(Recorded data)
Lemma f_irred j : j \notin Lam0 -> Int_irred (emb (f j)).
Proof.
move=> jL; split.
- exact: intval_map.
- exact: irredp_neq0.
- by move/Int_unit_size => size1; have := (firr j).1; rewrite size1.
move=> g1 g2 ig1 ig2 E.
have E1 : g1 * g2 = 1 *: fprodK [set j] by rewrite scale1r fprodK1 E.
have [S [b1 [b2 [sS e1 e2 b12]]]] := fprodK_factor2 firr (oner_neq0 _) E1.
move: sS e1 e2; rewrite subset1 => /orP[/eqP->|/eqP->].
  rewrite setDv fprodK0 alg_polyC => e1 e2; rewrite e1 e2 in ig1 ig2 *.
  by right; apply: (const_factor_unit jL (_ : b2 * b1 = 1)); rewrite // mulrC.
rewrite setD0 fprodK0 alg_polyC => e1 e2; rewrite e1 e2 in ig1 ig2 *.
by left; apply: (const_factor_unit jL b12).
Qed.

Lemma admissible_factorization (J1 : {set I}) : admissible J1 ->
  Int_factorization ((tf c)^-1 *: emb (\prod_(i in I) f i)) (canonical_factors J1).
Proof.
move=> adJ; split.
  move=> h; rewrite inE => /orP[/eqP->|/mapP[j]]; first exact: admissible_irred.
  by rewrite mem_enum !inE negb_or => /andP[jL _] ->; apply: f_irred.
rewrite big_cons big_map big_enum /= -fprodKE -scalerAl -setTD.
by rewrite -fprodKD ?subsetT // /fprodK fprod_setT.
Qed.

Lemma irred_unit_scale_singleton S r : r \is a GRing.unit ->
  Int_irred (tf r *: fprodK S) -> exists j, S = [set j].
Proof.
move=> ur [_ _ nu irr]; have [S0|/set0Pn[j jS]] := eqVneq S set0.
  by case: nu; rewrite S0 fprodK0 alg_polyC; apply: Int_unit_tofrac.
exists j; apply/eqP; rewrite eqEsubset sub1set jS andbT -setD_eq0.
apply/negPn/negP => Sj.
have := irr (tf r *: fprodK [set j]) (fprodK (S :\ j)) (intvalZ r (intval_map _)) (intval_map _).
case.
- by rewrite -scalerAl -fprodKD ?sub1set.
- by apply: nonunit_scale_fprodK (tofrac_unit_neq0 ur) _; apply/set0Pn; exists j; rewrite set11.
- by rewrite -[fprodK _]scale1r; apply: nonunit_scale_fprodK (oner_neq0 _) Sj.
Qed.

Section GivenFactorization.
Variable s : seq {poly K}.
Hypothesis s_irred : forall h, h \in s -> Int_irred h.
Hypothesis s_prod : \prod_(o < size s) s`_o = (tf c)^-1 *: fprodK setT.
Variables (St : 'I_(size s) -> {set I}) (b : 'I_(size s) -> K).
Hypothesis s_shape : forall o : 'I_(size s), s`_o = b o *: fprodK (St o).
Hypothesis St_disjoint : forall o o', o != o' -> [disjoint St o & St o'].
Hypothesis St_cover : \bigcup_o St o = setT.
Hypothesis b_prod : \prod_o b o = (tf c)^-1.
Variable o0 : 'I_(size s).
Hypothesis k_o0 : k \in St o0.

Lemma s_irred_nth (o : 'I_(size s)) : Int_irred s`_o.
Proof. by apply/s_irred/mem_nth. Qed.

Lemma coef_neq0 o : b o != 0.
Proof.
have [_ + _ _] := s_irred_nth o; rewrite s_shape.
by apply: contraNneq => ->; rewrite scale0r.
Qed.

Lemma cofactor_intval o : intval (((tf c)^-1 / b o) *: fprodK (~: St o)).
Proof.
have [_ s0 _ _] := s_irred_nth o.
have Eo : s`_o * \prod_(o' | o' != o) s`_o' = (tf c)^-1 *: fprodK setT.
  by rewrite -s_prod [RHS](bigD1 o).
have Ec : s`_o * (((tf c)^-1 / b o) *: fprodK (~: St o)) = (tf c)^-1 *: fprodK setT.
  rewrite s_shape -scalerAl -scalerAr scalerA mulrCA mulfV ?coef_neq0 // mulr1.
  by rewrite -setTD -fprodKD ?subsetT.
rewrite -(mulfI s0 (etrans Eo (esym Ec))).
by apply: intval_prod => o' _; case: (s_irred_nth o').
Qed.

**Task objective**
Retype every entry exactly as it stands.

**Problem solution**
Lemma f_irred j : j \notin Lam0 -> Int_irred (emb (f j)).
Proof.
move=> jL; split.
- exact: intval_map.
- exact: irredp_neq0.
- by move/Int_unit_size => size1; have := (firr j).1; rewrite size1.
move=> g1 g2 ig1 ig2 E.
have E1 : g1 * g2 = 1 *: fprodK [set j] by rewrite scale1r fprodK1 E.
have [S [b1 [b2 [sS e1 e2 b12]]]] := fprodK_factor2 firr (oner_neq0 _) E1.
move: sS e1 e2; rewrite subset1 => /orP[/eqP->|/eqP->].
  rewrite setDv fprodK0 alg_polyC => e1 e2; rewrite e1 e2 in ig1 ig2 *.
  by right; apply: (const_factor_unit jL (_ : b2 * b1 = 1)); rewrite // mulrC.
rewrite setD0 fprodK0 alg_polyC => e1 e2; rewrite e1 e2 in ig1 ig2 *.
by left; apply: (const_factor_unit jL b12).
Qed.

Lemma admissible_factorization (J1 : {set I}) : admissible J1 ->
  Int_factorization ((tf c)^-1 *: emb (\prod_(i in I) f i)) (canonical_factors J1).
Proof.
move=> adJ; split.
  move=> h; rewrite inE => /orP[/eqP->|/mapP[j]]; first exact: admissible_irred.
  by rewrite mem_enum !inE negb_or => /andP[jL _] ->; apply: f_irred.
rewrite big_cons big_map big_enum /= -fprodKE -scalerAl -setTD.
by rewrite -fprodKD ?subsetT // /fprodK fprod_setT.
Qed.

Lemma irred_unit_scale_singleton S r : r \is a GRing.unit ->
  Int_irred (tf r *: fprodK S) -> exists j, S = [set j].
Proof.
move=> ur [_ _ nu irr]; have [S0|/set0Pn[j jS]] := eqVneq S set0.
  by case: nu; rewrite S0 fprodK0 alg_polyC; apply: Int_unit_tofrac.
exists j; apply/eqP; rewrite eqEsubset sub1set jS andbT -setD_eq0.
apply/negPn/negP => Sj.
have := irr (tf r *: fprodK [set j]) (fprodK (S :\ j)) (intvalZ r (intval_map _)) (intval_map _).
case.
- by rewrite -scalerAl -fprodKD ?sub1set.
- by apply: nonunit_scale_fprodK (tofrac_unit_neq0 ur) _; apply/set0Pn; exists j; rewrite set11.
- by rewrite -[fprodK _]scale1r; apply: nonunit_scale_fprodK (oner_neq0 _) Sj.
Qed.

Section GivenFactorization.
Variable s : seq {poly K}.
Hypothesis s_irred : forall h, h \in s -> Int_irred h.
Hypothesis s_prod : \prod_(o < size s) s`_o = (tf c)^-1 *: fprodK setT.
Variables (St : 'I_(size s) -> {set I}) (b : 'I_(size s) -> K).
Hypothesis s_shape : forall o : 'I_(size s), s`_o = b o *: fprodK (St o).
Hypothesis St_disjoint : forall o o', o != o' -> [disjoint St o & St o'].
Hypothesis St_cover : \bigcup_o St o = setT.
Hypothesis b_prod : \prod_o b o = (tf c)^-1.
Variable o0 : 'I_(size s).
Hypothesis k_o0 : k \in St o0.

Lemma s_irred_nth (o : 'I_(size s)) : Int_irred s`_o.
Proof. by apply/s_irred/mem_nth. Qed.

Lemma coef_neq0 o : b o != 0.
Proof.
have [_ + _ _] := s_irred_nth o; rewrite s_shape.
by apply: contraNneq => ->; rewrite scale0r.
Qed.

Lemma cofactor_intval o : intval (((tf c)^-1 / b o) *: fprodK (~: St o)).
Proof.
have [_ s0 _ _] := s_irred_nth o.
have Eo : s`_o * \prod_(o' | o' != o) s`_o' = (tf c)^-1 *: fprodK setT.
  by rewrite -s_prod [RHS](bigD1 o).
have Ec : s`_o * (((tf c)^-1 / b o) *: fprodK (~: St o)) = (tf c)^-1 *: fprodK setT.
  rewrite s_shape -scalerAl -scalerAr scalerA mulrCA mulfV ?coef_neq0 // mulr1.
  by rewrite -setTD -fprodKD ?subsetT.
rewrite -(mulfI s0 (etrans Eo (esym Ec))).
by apply: intval_prod => o' _; case: (s_irred_nth o').
Qed.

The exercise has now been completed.